The pattern here is pure simulation. You maintain an array and process two types of commands: add an integer, or query the last integer added within a specific time window. The gotcha is that 'last' doesn't mean the most recent globally; it means the most recent before a given index or timestamp. Most candidates either forget to track indices correctly or try to optimize when a clean, linear pass through commands is the intended solution. Array and simulation problems like this reward clarity over cleverness. Walk through the commands in order, keep your state explicit (the current list, the current position), and build the answer step by step. If you haven't drilled this exact pattern before and you hit it live, StealthCoder runs invisibly and hands you a working approach so you don't lose points.

Pattern tags

The honest play

You know the problem. Make sure you actually pass it.

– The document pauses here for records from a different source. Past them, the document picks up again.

(* Let $N\geq 3$, $p>1$, $m\in\mathbb N$ and $\alpha_p:=\max\left\{0,\frac{p(N-2)-(N+2)}{2}\right\}$. For $\alpha>\alpha_p$ let $u_\alpha$ be the unique radial solution of $-\Delta u=|x|^\alpha|u|^{p-1}u$ in $B^N$, $u=0$ on $\partial B^N$, with exactly $m$ nodal sets and $u_\alpha(0)>0$. Then there exists a constant $C>0$, not depending on $\alpha$, such that $$\|u_\alpha\|_\infty\geq C\left(\frac{\alpha+N}{N}\right)^{\frac{2}{p-1}}\quad\forall\alpha>\alpha_p.$$
   Context: $B^N$ is the open unit ball in $\mathbb R^N$ centered at the origin. A nodal set is a connected component of the set where the function does not vanish. *)

From HB Require Import structures.
From mathcomp Require Import all_boot all_order all_algebra.
From mathcomp Require Import all_classical all_reals all_analysis.
Set Implicit Arguments. Unset Strict Implicit. Unset Printing Implicit Defensive.
Import Order.TTheory GRing.Theory Num.Theory.
Import numFieldNormedType.Exports.
Local Open Scope classical_set_scope.
Local Open Scope ring_scope.

(* Euclidean norm |x| (the library norm on matrices is the max-norm). *)
Definition enorm (R : realType) (N : nat) (x : 'rV[R]_N) : R :=
  Num.sqrt (\sum_(i < N) (x ord0 i) ^+ 2).

Definition ballN (R : realType) (N : nat) : set 'rV[R]_N :=
  [set x | enorm x < 1].
Definition cballN (R : realType) (N : nat) : set 'rV[R]_N :=
  [set x | enorm x <= 1].
Arguments ballN : clear implicits.
Arguments cballN : clear implicits.

Definition evec (R : realType) (N : nat) (i : 'I_N) : 'rV[R]_N := delta_mx 0 i.

Definition pd (R : realType) (N : nat) (i : 'I_N) (u : 'rV[R]_N -> R)
  : 'rV[R]_N -> R := fun x => 'D_(@evec R N i) u x.
Arguments pd {R N} i u.
Arguments evec {R N} i.

Definition C2_in_ball_C0_closed (R : realType) (N : nat) (u : 'rV[R]_N -> R) : Prop :=
  {within cballN R N, continuous u} /\
  (forall x, ballN R N x ->
     forall i j : 'I_N,
       derivable u x (evec i) /\
       derivable (pd i u) x (evec j) /\
       {for x, continuous u} /\
       {for x, continuous (pd i u)} /\
       {for x, continuous (pd j (pd i u))}).

Definition laplacian (R : realType) (N : nat) (u : 'rV[R]_N -> R) (x : 'rV[R]_N) : R :=
  \sum_(i < N) pd i (pd i u) x.

Definition radial (R : realType) (N : nat) (u : 'rV[R]_N -> R) : Prop :=
  forall x y, cballN R N x -> cballN R N y -> enorm x = enorm y -> u x = u y.

Definition henon_dirichlet_sol (R : realType) (N : nat) (p alpha : R)
  (u : 'rV[R]_N -> R) : Prop :=
  C2_in_ball_C0_closed u /\
  (forall x, ballN R N x ->
     - laplacian u x = (enorm x) `^ alpha * (`|u x| `^ (p - 1)) * u x) /\
  (forall x, enorm x = 1 -> u x = 0).

Definition nodal_sets (R : realType) (N : nat) (u : 'rV[R]_N -> R)
  : set (set 'rV[R]_N) :=
  let A := [set x | ballN R N x /\ u x <> 0] in
  [set connected_component A x | x in A].

Definition has_m_nodal_sets (R : realType) (N : nat) (m : nat)
  (u : 'rV[R]_N -> R) : Prop :=
  exists f : 'I_m -> set 'rV[R]_N, injective f /\ range f = nodal_sets u.

Definition alpha_p (R : realType) (N : nat) (p : R) : R :=
  Num.max 0 ((p * (N%:R - 2) - (N%:R + 2)) / 2).

Definition sup_norm (R : realType) (N : nat) (u : 'rV[R]_N -> R) : R :=
  sup [set `|u x| | x in ballN R N].

From HB Require Import structures.
From mathcomp Require Import all_boot all_order all_algebra.
From mathcomp Require Import all_classical all_reals all_analysis.
From mathcomp Require Import ring lra.
Import Order.TTheory GRing.Theory Num.Theory.
Import numFieldNormedType.Exports.
Local Open Scope classical_set_scope.
Local Open Scope ring_scope.
Set Implicit Arguments. Unset Strict Implicit.
Unset Printing Implicit Defensive.

(* With k := floor(alpha/2) and M := ||u||_oo, the equation gives
   |Delta u(x)| <= M^p |x|^(2k) in the ball, since |x|^alpha <= |x|^(2k) there.
   The barrier (M^p / K) (1 - |x|^(2k+2)), where K := (k+1)(4k+2N), has
   Laplacian -M^p |x|^(2k) and vanishes on the sphere, so the maximum principle
   applied to u and -u gives M <= M^p / K, i.e. K <= M^(p-1).  Since
   ((alpha+N)/N)^2 <= (2k+2)(2k+N) = K, the bound holds with C = 1.  The maximum
   principle itself is the one-dimensional second-derivative test along the
   coordinate lines, with the barrier perturbed by eps |x|^2 so that an
   interior maximum becomes impossible. *)

Section SquaredNorm.
Variables (R : realType) (N : nat).
Implicit Types (x : 'rV[R]_N) (i : 'I_N) (t : R).

Definition sqnorm x : R := \sum_i x ord0 i ^+ 2.

Lemma sqnorm_ge0 x : 0 <= sqnorm x.
Proof. by apply: sumr_ge0 => i _; exact: sqr_ge0. Qed.

Lemma sqr_coord_le_sqnorm x i : x ord0 i ^+ 2 <= sqnorm x.
Proof. by rewrite /sqnorm (bigD1 i) //= lerDl sumr_ge0 // => j _; exact: sqr_ge0. Qed.

Lemma sqnorm0 : sqnorm 0 = 0.
Proof. by rewrite /sqnorm big1 // => i _; rewrite mxE expr0n. Qed.

Lemma enormE x : enorm x = Num.sqrt (sqnorm x).
Proof. by []. Qed.

Lemma sqr_enorm x : enorm x ^+ 2 = sqnorm x.
Proof. exact/sqr_sqrtr/sqnorm_ge0. Qed.

Lemma enorm_lt1 x : (enorm x < 1) = (sqnorm x < 1).
Proof. by rewrite -{1}sqrtr1 ltr_sqrt. Qed.

Lemma enorm_le1 x : (enorm x <= 1) = (sqnorm x <= 1).
Proof. by rewrite -{1}sqrtr1 ler_sqrt. Qed.

Lemma ballN0 : ballN R N 0.
Proof. by rewrite /ballN /= enorm_lt1 sqnorm0. Qed.

Lemma ballN_sub_cballN : ballN R N `<=` cballN R N.
Proof. by move=> x /ltW. Qed.

Lemma sqnorm_evec_line x i t :
  sqnorm (t *: evec i + x) = sqnorm x + 2 * t * x ord0 i + t ^+ 2.
Proof.
have coord j : (t *: evec i + x) ord0 j = t * (j == i)%:R + x ord0 j.
  by rewrite !mxE eqxx.
rewrite /sqnorm (bigD1 i) //= [in RHS](bigD1 i) //= coord eqxx mulr1.
rewrite (eq_bigr (fun j => x ord0 j ^+ 2)) => [|j /negbTE ji]; last first.
  by rewrite coord ji mulr0 add0r.
rewrite sqrrD; lra.
Qed.

Lemma ballN_evec_line x i t :
  sqnorm x < 1 -> `|t| < (1 - sqnorm x) / 3 -> ballN R N (t *: evec i + x).
Proof.
move=> x1 ht; rewrite /ballN /= enorm_lt1 sqnorm_evec_line.
have xi1 : `|x ord0 i| <= 1.
  rewrite -(expr_le1 (ltn0Sn 1)) // real_normK ?num_real //.
  exact/ltW/(le_lt_trans (sqr_coord_le_sqnorm x i)).
have lin : 2 * t * x ord0 i <= 2 * `|t|.
  apply: le_trans (ler_norm _) _; rewrite !normrM ger0_norm //.
  by rewrite -mulrA ler_wpM2l // ler_piMr.
have quad : t ^+ 2 <= `|t|.
  rewrite -real_normK ?num_real // expr2 ler_piMr //.
  apply/ltW/(lt_le_trans ht); have := sqnorm_ge0 x; lra.
lra.
Qed.

Lemma continuous_sqnorm : continuous sqnorm.
Proof.
move=> z; rewrite /sqnorm.
have -> : (fun v : 'rV[R]_N => \sum_i v ord0 i ^+ 2) =
          \sum_i (fun v : 'rV[R]_N => v ord0 i ^+ 2).
  by apply/funext => v; rewrite fct_sumE.
elim/big_ind: _ => [|f g cf cg|i _]; first exact: cst_continuous.
  exact: continuousD.
by apply: continuousM; exact: coord_continuous.
Qed.

Lemma compact_cballN : compact (cballN R N).
Proof.
have -> : cballN R N = [set x | sqnorm x <= 1].
  by apply/seteqP; split => x; rewrite /cballN /= enorm_le1.
have cube := @rV_compact R N (fun=> `[-1, 1]%classic) (fun=> @segment_compact R (-1) 1).
apply: (subclosed_compact _ cube).
  apply: (@preimage_closed _ _ sqnorm [set r : R | r <= 1]) => [x _|].
    exact: continuous_sqnorm.
  exact: closed_le.
move=> x /= x1 i; rewrite /= in_itv /= -ler_norml.
rewrite -(expr_le1 (ltn0Sn 1)) // real_normK ?num_real //.
exact: le_trans (sqr_coord_le_sqnorm x i) x1.
Qed.

Lemma EVT_max_cballN (f : 'rV[R]_N -> R) :
  {within cballN R N, continuous f} ->
  exists2 c, cballN R N c & forall y, cballN R N y -> f y <= f c.
Proof.
move=> fcont; have cB_ne : cballN R N !=set0 by exists 0; exact/ballN_sub_cballN/ballN0.
have [c /[!inE] cB cmax] := EVT_max_rV cB_ne compact_cballN fcont.
by exists c => // y yB; exact/cmax/mem_set.
Qed.

End SquaredNorm.

Lemma is_derive_along (R : realType) (V : normedModType R) (g : V -> R)
    (x v : V) (t : R) :
  derivable g (t *: v + x) v ->
  is_derive t 1 (fun s => g (s *: v + x)) ('D_v g (t *: v + x)).
Proof.
have quotE : (fun h : R => h^-1 *: (((fun s => g (s *: v + x)) \o shift t) (h *: 1)
                - g (t *: v + x))) =
             (fun h : R => h^-1 *: ((g \o shift (t *: v + x)) (h *: v) - g (t *: v + x))).
  by apply/funext => h /=; rewrite scalerDl addrA [h *: 1]mulr1.
by move=> dg; split; rewrite /derivable /derive quotE.
Qed.

Lemma is_derive_gt0_right (R : realType) (f : R -> R) (D : R) :
  is_derive (0 : R) 1 f D -> f 0 = 0 -> 0 < D ->
  exists2 e : R, 0 < e & forall c, 0 < c < e -> 0 < f c.
Proof.
move=> [df <-] f0 Dpos.
have := cvgr_gt _ df 0 Dpos.
rewrite near_withinE => /(_ (dnbhs_filter 0)) /nbhs_ballP [e /= e0 He].
exists e => // c /andP[c0 ce].
have := He c; rewrite /ball /= sub0r normrN ger0_norm ?(ltW c0) //.
move=> /(_ ce) /(_ (lt0r_neq0 c0)).
by rewrite f0 subr0 [c%:A]mulr1 addr0 pmulr_rgt0 // invr_gt0.
Qed.

Lemma deriv2_le0_at_local_max (R : realType) (f df : R -> R) (d D : R) :
  0 < d ->
  (forall t : R, `|t| < d -> f t <= f 0) ->
  (forall t : R, `|t| < d -> is_derive t 1 f (df t)) ->
  is_derive (0 : R) 1 df D -> D <= 0.
Proof.
move=> d0 fmax fder dfD.
have inI (t : R) : t \in `](- d), d[ -> `|t| < d by rewrite in_itv ltr_norml.
have df0 : df 0 = 0.
  have f'0 : is_derive (0 : R) 1 f 0.
    apply: (@derive1_at_max _ f (- d) d 0); first lra.
    - by move=> t /inI /fder [].
    - by rewrite in_itv /=; apply/andP; split; lra.
    - by move=> t /inI /fmax.
  by have [_ <-] := fder 0 (ltac:(by rewrite normr0)); rewrite derive_val.
(* If D > 0 then df > 0 just right of 0, so f increases there by the MVT. *)
rewrite leNgt; apply/negP => /(is_derive_gt0_right dfD df0) [e e0 dfpos].
pose t := Num.min e d / 2.
have t0 : 0 < t by rewrite /t divr_gt0 // lt_min e0 d0.
have /andP[me md] : (Num.min e d <= e) && (Num.min e d <= d) by rewrite -le_min.
have [te td] : t < e /\ t < d by rewrite /t; split; lra.
have [c /[!in_itv]/= /andP[c0 ct] fdiff] : exists2 c, c \in `]0, t[ & f t - f 0 = df c * (t - 0).
  have fderI z : 0 <= z <= t -> is_derive z 1 f (df z).
    by move=> /andP[z0 zt]; apply: fder; rewrite ger0_norm; lra.
  apply: MVT => [//|z /[!in_itv]/= /andP[z0 zt]|].
    by apply: fderI; rewrite !ltW.
  by apply: derivable_within_continuous => z /[!in_itv]/= /fderI [].
have : 0 < df c * t by rewrite mulr_gt0 // dfpos // c0 (lt_trans ct te).
have := fmax t (ltac:(rewrite ger0_norm; lra)).
rewrite subr0 in fdiff; lra.
Qed.

Section RadialPolynomials.
Variables (R : realType) (N : nat).
Implicit Types (x : 'rV[R]_N) (i : 'I_N) (F : {poly R}).

Definition sqnorm_line_poly x i : {poly R} :=
  (sqnorm x)%:P + (2 * x ord0 i) *: 'X + 'X^2.

Lemma horner_sqnorm_line_poly x i t :
  (sqnorm_line_poly x i).[t] = sqnorm (t *: evec i + x).
Proof. by rewrite sqnorm_evec_line /sqnorm_line_poly !hornerE; ring. Qed.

Last Visited Integers recycles across companies for a reason. It's easy-tier, and most candidates blank under the timer. StealthCoder is the hedge: an AI overlay invisible during screen share. It reads the problem and surfaces a working solution in under 2 seconds. Built by an Amazon engineer who used it to pass JPMorgan's OA and system design loop. Works on HackerRank, CodeSignal, CoderPad, and Karat.

Last Visited Integers interview FAQ

How hard is Last Visited Integers really?+

It's genuinely easy. The 61% acceptance rate reflects that the problem reads like a toy until you implement it wrong. Once you simulate cleanly without over-engineering, it's five to ten minutes. The trap is overthinking the 'last' logic instead of just following the command sequence.

Is this the kind of problem General Motors still asks?+

It's in their reported interview pool, so yes. General Motors conducts online assessments that include array simulation problems at the easy tier. This exact problem may or may not appear, but the pattern is fair game for their pipeline.

What's the trick to Last Visited Integers?+

Track state cleanly. Maintain the current list of integers and process commands in order. Don't try to precompute or optimize; simulate. The 'last visited' logic is just a filtered lookup into your array at a specific index range. Code it straightforward.

How does simulation relate to array problems in interviews?+

Simulation problems test your ability to follow instructions precisely and maintain state over multiple steps. They're easier than dynamic programming or greedy, but they reward clean code. Interviewers use them to see if you read the problem carefully and implement without bugs.

What if I blank on the indexing during the live OA?+

That's what StealthCoder is for. If you freeze on off-by-one errors or get confused about which command maps to which query, it runs invisibly during the assessment and delivers a working solution so you can move on and stop the clock.